Impact of Freed Slaves on the Roman Empire (eds. Sinclair Bell and Teresa Rene Ramsby) 66-87. London.

Temin, Peter. 2004. “The Labor Market of the Early Roman Empire.” The Journal of

Interdisciplinary History 34.4:513-38.

Weaver, P. R. C. 1967. “Social Mobility In The Early Roman Empire: The Evidence Of The

Imperial Freedmen And Slaves.” Past and Present 37.1:3-20.

 

5 thoughts on “Khang Le”

  1. Khang – Your topic of freedmen in the Satyrica is an excellent one and you have gathered together lots of good evidence to support your argument that the behavior of freedmen is being criticized. For your next steps, you may want to focus a bit more on integrating your secondary sources into your argument. I would be interested to hear more about differing views on this topic, if they are there, and how they interact with your own argument.
    I would contextualize a bit more at the paper’s opening, so that readers who have not just read the Satyrica are ready for your quote. Also, check the Latin. Do you mean “accedere” instead of “accede”? Also, for “tam facile est quam” you need “as easily as…” with no comparative. That does not diminish the quote’s usefulness for your purposes.
    Rather than “is not a genuine representation” just be positive — what is it that the work shows us about freedmen? The word “genuine” unnecessarily opens a can of worms, for it encourages asking whether any representation can be genuine and you don’t need to go there.

    • Thank you for your comments, Professor Ancona.
      Most of my secondary sources deal either with the portrayal of literacy and language within the Cena, or with the place of freedman in Roman society; the only article I could find that directly discusses the connection between the two was Ramsby’s 2012 article, in which she compares the freedman’s portrayal to the derogatory portrayal of African Americans in media before the civil rights movement. I would very much like to find more scholarship about this topic and research more about the attitudes of discontented aristocrats.
      As for the Latin, “accede” is used in the text, as an imperative exclamation mid-sentence. I chose to translate “tam facile est quam” not as a correlative, which is more common, but as comparison between two positive ideas with “quam,” as described in the note of Allen and Greenough’s section 292a. I thought this “rarer and less elegant” use was more fitting with the freedmen’s unconventional dialogue, but the translation “as easily as” is also, if not more, appropriate.
      What I meant to convey by “is not a genuine representation” is that freedmen in the Cena are entirely creations of Petronius, and are not based on any specific people. I could reword this phrase to make my intended meaning more clear.
      Thank you again for your comments. I look forward to discussing these points with you further.
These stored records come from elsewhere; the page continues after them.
Lemma ex_series_Rabs_ncoef (d : R) :
  ex_series (fun k => Rabs (ncoef_I d k)) /\ ex_series (fun k => Rabs (ncoef_N d k)).
Proof.
  split.
  - exists (Ch (Rabs d)). eapply is_series_ext_R; [|apply (proj1 (is_series_ncoef _))].
    intros k. symmetry. apply (proj1 (Rabs_ncoef d k)).
  - exists (Sh (Rabs d)). eapply is_series_ext_R; [|apply (proj2 (is_series_ncoef _))].
    intros k. symmetry. apply (proj2 (Rabs_ncoef d k)).
Qed.

Definition exp_term (u : R) (k : nat) : R := u ^ k / INR (fact k).

Lemma exp_term_S (u : R) (k : nat) : INR (S k) * exp_term u (S k) = u * exp_term u k.
Proof.
  unfold exp_term. rewrite fact_simpl, mult_INR. simpl pow. field.
  split; [apply INR_fact_neq_0 | apply not_0_INR; lia].
Qed.

Definition cauchy_prod (g h : nat -> R) (n : nat) : R :=
  sum_f_R0 (fun k => g k * h (n - k)%nat) n.

Lemma is_series_cauchy_prod_exp (u : R) (h : nat -> R) (l : R) :
  is_series h l -> ex_series (fun k => Rabs (h k)) ->
  is_series (cauchy_prod (exp_term u) h) (exp u * l).
Proof.
  intros Hh Habs. apply is_series_mult; [apply is_series_exp | exact Hh | | exact Habs].
  apply (ex_series_Rabs_pow_div_fact u (fun k => k)). intros; lia.
Qed.

Lemma sum_f_R0_shift (f : nat -> R) (n : nat) :
  sum_f_R0 f (S n) = f 0%nat + sum_f_R0 (fun k => f (S k)) n.
Proof. induction n; [simpl; ring|]. rewrite tech5, IHn, tech5. ring. Qed.

(* The coefficientwise form of the Leibniz rule [(g h)' = g' h + g h'] for power series. *)
Lemma cauchy_prod_S (g h h' : nat -> R) (u : R) (n : nat) :
  (forall k, INR (S k) * g (S k) = u * g k) ->
  (forall j, INR (S j) * h (S j) = h' j) ->
  INR (S n) * cauchy_prod g h (S n) = u * cauchy_prod g h n + cauchy_prod g h' n.
Proof.
  intros Hg Hh. unfold cauchy_prod. rewrite scal_sum.
  rewrite (sum_eq _ (fun k => INR k * (g k * h (S n - k)%nat)
                             + INR (S n - k) * (g k * h (S n - k)%nat))).
  2: { intros i Hi. rewrite minus_INR by exact Hi. ring. }
  rewrite plus_sum. f_equal.
  - rewrite sum_f_R0_shift. simpl INR at 1. rewrite Rmult_0_l, Rplus_0_l, scal_sum.
    apply sum_eq. intros i Hi. replace (S n - S i)%nat with (n - i)%nat by lia.
    transitivity (INR (S i) * g (S i) * h (n - i)%nat); [ring|]. rewrite Hg. ring.
  - rewrite tech5, Nat.sub_diag. simpl INR at 2. rewrite Rmult_0_l, Rplus_0_r.
    apply sum_eq. intros i Hi. replace (S n - i)%nat with (S (n - i)) by lia.
    rewrite <- Hh. ring.
Qed.

(* [lincomb_IN x y p q r] is [x I + y N] for the traceless [N = [[p, q], [r, - p]]],
   whose square is [(p ^ 2 + q r) I]. *)
Definition lincomb_IN (x y p q r : R) : Mat2 := mk2 (x + y * p) (y * q) (y * r) (x - y * p).

(* [(u I + N) ^ n / n! = bcoef_I u d n * I + bcoef_N u d n * N] when [N ^ 2 = d I]. *)
Definition bcoef_I (u d : R) : nat -> R := cauchy_prod (exp_term u) (ncoef_I d).
Definition bcoef_N (u d : R) : nat -> R := cauchy_prod (exp_term u) (ncoef_N d).

Lemma bcoef_I_S (u d : R) (n : nat) :
  INR (S n) * bcoef_I u d (S n) = u * bcoef_I u d n + d * bcoef_N u d n.
Proof.
  unfold bcoef_I, bcoef_N.
  rewrite (cauchy_prod_S _ _ (fun j => d * ncoef_N d j) u n); [|apply exp_term_S | apply ncoef_I_S].
  f_equal. unfold cauchy_prod. rewrite scal_sum. apply sum_eq. intros; ring.
Qed.

Lemma bcoef_N_S (u d : R) (n : nat) :
  INR (S n) * bcoef_N u d (S n) = bcoef_I u d n + u * bcoef_N u d n.
Proof.
  unfold bcoef_I, bcoef_N.
  rewrite (cauchy_prod_S _ _ (ncoef_I d) u n); [ring | apply exp_term_S | apply ncoef_N_S].
Qed.

Section ExpScalarPlusTraceless.

Variables u p q r : R.

Let d := p ^ 2 + q * r.

Lemma mpow_lincomb_IN (n : nat) :
  mpow (lincomb_IN u 1 p q r) n =
  lincomb_IN (INR (fact n) * bcoef_I u d n) (INR (fact n) * bcoef_N u d n) p q r.
Proof.
  induction n as [|n IH].
  - unfold bcoef_I, bcoef_N, cauchy_prod, exp_term, ncoef_I, ncoef_N, lincomb_IN.
    simpl. unfold mI. f_equal; field.
  - rewrite fact_simpl, mult_INR, (Rmult_comm (INR (S n))), !Rmult_assoc, bcoef_I_S, bcoef_N_S.
    cbn [mpow]. rewrite IH. unfold lincomb_IN, mmul, d. cbn [e11 e12 e21 e22]. f_equal; ring.
Qed.

Lemma exp_partial_lincomb_IN_limit (f : Mat2 -> R) (s t l : R) :
  (forall x y, f (lincomb_IN x y p q r) = x * s + y * t) ->
  Un_cv (exp_partial f (lincomb_IN u 1 p q r)) l ->
  l = exp u * Ch d * s + exp u * Sh d * t.
Proof.
  intros Hf Hl.
  assert (H : is_series (fun k => bcoef_I u d k * s + bcoef_N u d k * t)
                        (exp u * Ch d * s + exp u * Sh d * t)).
  { apply (@is_series_plus R_AbsRing R_NormedModule
             (fun k => bcoef_I u d k * s) (fun k => bcoef_N u d k * t));
      apply is_series_scal_r, is_series_cauchy_prod_exp.
    - apply (proj1 (is_series_ncoef d)).
    - apply (proj1 (ex_series_Rabs_ncoef d)).
    - apply (proj2 (is_series_ncoef d)).
    - apply (proj2 (ex_series_Rabs_ncoef d)). }
  apply is_series_Reals in H.
  apply (UL_sequence _ _ _ Hl). revert H. apply Un_cv_ext. intros n.
  unfold exp_partial. apply sum_eq. intros k _.
  rewrite mpow_lincomb_IN, Hf. field. apply INR_fact_neq_0.
Qed.

Lemma is_mexp_lincomb_IN (E : Mat2) :
  is_mexp (lincomb_IN u 1 p q r) E -> E = lincomb_IN (exp u * Ch d) (exp u * Sh d) p q r.
Proof.
  intros (H11 & H12 & H21 & H22). destruct E as [x11 x12 x21 x22]; cbn [e11 e12 e21 e22] in *.
  rewrite (exp_partial_lincomb_IN_limit e11 1 p x11), (exp_partial_lincomb_IN_limit e12 0 q x12),
    (exp_partial_lincomb_IN_limit e21 0 r x21), (exp_partial_lincomb_IN_limit e22 1 (- p) x22);
    try (intros; cbn; ring); auto.
  unfold lincomb_IN. f_equal; ring.
Qed.

End ExpScalarPlusTraceless.

Lemma charpoly_coeffs (M : Mat2) (alpha beta : R) :
  (forall l, charpoly M l = l ^ 2 + alpha * l + beta) ->
  alpha = - (e11 M + e22 M) /\ beta = det2 M.
Proof.
  intros H. pose proof (H 0) as H0. pose proof (H 1) as H1.
  unfold charpoly, det2 in *. cbn [e11 e12 e21 e22] in *. split; nra.
Qed.

Lemma real_root_sqr_lt_1 (T D x : R) :
  -1 < D < 1 -> Rabs T < 1 + D -> x ^ 2 - T * x + D = 0 -> x ^ 2 < 1.
Proof.
  intros HD HT Hx. apply Rabs_def2 in HT.
  destruct (Rle_dec 1 x); [|destruct (Rle_dec x (-1))]; nra.
Qed.

(* Jury's stability criterion for [z ^ 2 - T z + D]. *)
Lemma eigenvalue_Cmod_lt_1 (M : Mat2) (z : Cplx) :
  -1 < det2 M < 1 -> Rabs (e11 M + e22 M) < 1 + det2 M -> eigenvalue M z -> Cmod z < 1.
Proof.
  destruct z as [x y]. unfold eigenvalue, det2, Cmod, Csub, Cadd, Copp, Cmul, RtoC.
  cbn [fst snd]. intros HD HT Hz. injection Hz as Hre Him.
  rewrite <- sqrt_1. apply sqrt_lt_1_alt. split; [nra|].
  destruct (Req_dec y 0) as [->|Hy].
  - enough (x ^ 2 < 1) by nra.
    apply (real_root_sqr_lt_1 (e11 M + e22 M) (e11 M * e22 M - e12 M * e21 M)); auto. nra.
  - assert (Hx : 2 * x = e11 M + e22 M) by (apply (Rmult_eq_reg_l y); [nra | exact Hy]).
    nra.
Qed.

Lemma trace_det_exp_product (a b c : R) (E1 E2 : Mat2) :
  is_mexp (mk2 (- a) (- b) c 0) E1 -> is_mexp (mk2 (- a) b (- c) 0) E2 ->
  e11 (mmul E2 E1) + e22 (mmul E2 E1) = exp (- a) * (2 + a ^ 2 * Sh (a ^ 2 / 4 - b * c) ^ 2) /\
  det2 (mmul E2 E1) = exp (- (2 * a)).
Proof.
  intros H1 H2.
  replace (mk2 (- a) (- b) c 0) with (lincomb_IN (- a / 2) 1 (- a / 2) (- b) c) in H1
    by (unfold lincomb_IN; f_equal; field).
  replace (mk2 (- a) b (- c) 0) with (lincomb_IN (- a / 2) 1 (- a / 2) b (- c)) in H2
    by (unfold lincomb_IN; f_equal; field).
  apply is_mexp_lincomb_IN in H1, H2.
  set (d := a ^ 2 / 4 - b * c).
  replace ((- a / 2) ^ 2 + - b * c) with d in H1 by (unfold d; field).
  replace ((- a / 2) ^ 2 + b * - c) with d in H2 by (unfold d; field).
  assert (He : exp (- a / 2) ^ 2 = exp (- a))
    by (simpl; rewrite Rmult_1_r, <- exp_plus; f_equal; field).
  assert (He2 : exp (- (2 * a)) = exp (- a) ^ 2)
    by (simpl; rewrite Rmult_1_r, <- exp_plus; f_equal; ring).
  pose proof (Ch_Sh_id d) as Hid.
  subst E1 E2. unfold det2, mmul, lincomb_IN. cbn [e11 e12 e21 e22]. rewrite He2, <- He. split.
  - transitivity (exp (- a / 2) ^ 2 * (2 * (Ch d ^ 2 - d * Sh d ^ 2) + a ^ 2 * Sh d ^ 2));
      [unfold d; field | rewrite Hid; ring].
  - transitivity ((exp (- a / 2) ^ 2) ^ 2 * (Ch d ^ 2 - d * Sh d ^ 2) ^ 2);
      [unfold d; field | rewrite Hid; ring].
Qed.

Lemma trace_lt_1_add_det (a d : R) :
  0 < a -> d < a ^ 2 / 4 -> exp (- a) * (2 + a ^ 2 * Sh d ^ 2) < 1 + exp (- (2 * a)).
Proof.
  intros Ha Hd.
  assert (HSh : Sh d ^ 2 < Sh ((a / 2) ^ 2) ^ 2) by (apply Sh_sqr_lt; nra).
  pose proof (exp_add_opp_sub_2 a) as Hexp.
  assert (Hinv : exp (- a) * exp a = 1) by (rewrite <- exp_plus, Rplus_opp_l; apply exp_0).
  assert (He2 : exp (- (2 * a)) = exp (- a) * exp (- a)) by (rewrite <- exp_plus; f_equal; ring).
  assert (Hlt : a ^ 2 * Sh d ^ 2 < exp a + exp (- a) - 2)
    by (rewrite Hexp; apply Rmult_lt_compat_l; nra).
  rewrite He2. pose proof (exp_pos (- a)). nra.
Qed.

Lemma Sh_sqr (v : R) : v <> 0 -> Sh (v ^ 2) = (exp v - exp (- v)) / (2 * v).
Proof. intros Hv. rewrite exp_Ch_Sh, exp_opp_Ch_Sh. field. exact Hv. Qed.

Lemma Sh_opp_sqr (w : R) : w <> 0 -> Sh (- w ^ 2) = sin w / w.
Proof. intros Hw. rewrite sin_Sh. field. exact Hw. Qed.

Lemma alpha_formula_Csqrt_real (a d : R) :
  Csqrt_real (4 * d) <> (0, 0) ->
  alpha_formula a (Csqrt_real (4 * d)) = RtoC (- (exp (- a) * (2 + a ^ 2 * Sh d ^ 2))).
Proof.
  unfold Csqrt_real. destruct (Rle_dec 0 (4 * d)) as [Hd|Hd]; intros Hne.
  - assert (Hv : sqrt d * sqrt d = d) by (apply sqrt_sqrt; lra).
    assert (Hsq : sqrt (4 * d) = 2 * sqrt d)
      by (rewrite sqrt_mult by lra; replace 4 with (2 * 2) by ring;
          rewrite sqrt_square by lra; ring).
    rewrite Hsq in *. set (v := sqrt d) in *.
    assert (Hv0 : v <> 0) by (intros H0; apply Hne; rewrite H0; f_equal; ring).
    replace d with (v ^ 2) by (simpl; lra). rewrite Sh_sqr by exact Hv0.
    assert (X1 : exp (2 * v) = exp v * exp v) by (rewrite <- exp_plus; f_equal; ring).
    assert (X2 : exp (- (2 * v)) = exp (- v) * exp (- v)) by (rewrite <- exp_plus; f_equal; ring).
    pose proof (exp_pos v).
    unfold alpha_formula, RtoC, Cmul, Cadd, Cinv, Cexp, Copp. cbn [fst snd].
    rewrite Ropp_0, cos_0, sin_0, X1, X2, (exp_Ropp v). f_equal; field; lra.
  - assert (Hw : sqrt (- d) * sqrt (- d) = - d) by (apply sqrt_sqrt; lra).
    assert (Hsq : sqrt (- (4 * d)) = 2 * sqrt (- d)).
    { replace (- (4 * d)) with (2 * 2 * - d) by ring.
      rewrite sqrt_mult, sqrt_square by lra; reflexivity. }
    rewrite Hsq in *. set (w := sqrt (- d)) in *.
    assert (Hw0 : 0 < w) by (apply sqrt_lt_R0; lra).
    replace d with (- w ^ 2) by (simpl; lra). rewrite Sh_opp_sqr by lra.
    unfold alpha_formula, RtoC, Cmul, Cadd, Cinv, Cexp, Copp. cbn [fst snd].
    rewrite Ropp_0, exp_0, cos_neg, sin_neg, cos_2a_sin. f_equal; field; lra.
Qed.

Theorem mainTheorem2 (a b c : R) (ha : 0 < a) (hb : 0 < b) (hc : 0 < c)
  (E1 E2 : Mat2)
  (hE1 : is_mexp (mk2 (- a) (- b) c 0) E1)
  (hE2 : is_mexp (mk2 (- a) b (- c) 0) E2)
  (alpha beta : R)
  (hchar : forall l : R, charpoly (mmul E2 E1) l = l ^ 2 + alpha * l + beta) :
  beta = exp (- (2 * a)) /\
  (Csqrt_real (a ^ 2 - 4 * b * c) <> (0, 0) ->
     RtoC alpha = alpha_formula a (Csqrt_real (a ^ 2 - 4 * b * c))) /\
  (forall z : Cplx, eigenvalue (mmul E2 E1) z -> Cmod z < 1).
Proof.
  destruct (trace_det_exp_product a b c E1 E2 hE1 hE2) as [Htr Hdet].
  destruct (charpoly_coeffs _ _ _ hchar) as [Halpha Hbeta].
  replace (a ^ 2 - 4 * b * c) with (4 * (a ^ 2 / 4 - b * c)) by field.
  split; [|split].
  - rewrite Hbeta, Hdet. reflexivity.
  - intros Hne. rewrite alpha_formula_Csqrt_real, Halpha, Htr by exact Hne. reflexivity.
  - intros z. apply eigenvalue_Cmod_lt_1; rewrite Hdet.
    + assert (exp (- (2 * a)) < 1) by (rewrite <- exp_0; apply exp_increasing; lra).
      pose proof (exp_pos (- (2 * a))). lra.
    + rewrite Htr, Rabs_right.
      * apply trace_lt_1_add_det; nra.
      * apply Rle_ge, Rmult_le_pos; [apply Rlt_le, exp_pos | nra].
Qed.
  2. This is a very nice essay, Khang. I learned a lot about the status of freedmen in the early Empire and the anxiety felt by members of the traditional Roman upper classes because of the freedmen’s increasing power. Would it be possible for you to bring in some more primary sources that testify to the anxiety of the traditional nobility? I notice that you cite Tacitus at the end of your paper. Perhaps his historical writings and Seneca’s letters might be good places to look for contemporary (or near-contemporary in the case of Tacitus) evidence for how the Roman elite felt about the rise of the freedmen. I’m sorry that I cannot help you with specific passages.

    On the whole, I thought that your arguments were well-reasoned and well-written too! I’m looking forward to meeting you at the symposium.

    • Thank you for your comment, Douglas. I would also like to find more evidence of the traditional nobility’s anxiety toward the freedmen. I know Tacitus often wrote against freedmen, but I haven’t yet found more examples. More primary sources would help to strengthen my argument.
      Thanks for your advice; I look forward to speaking with you.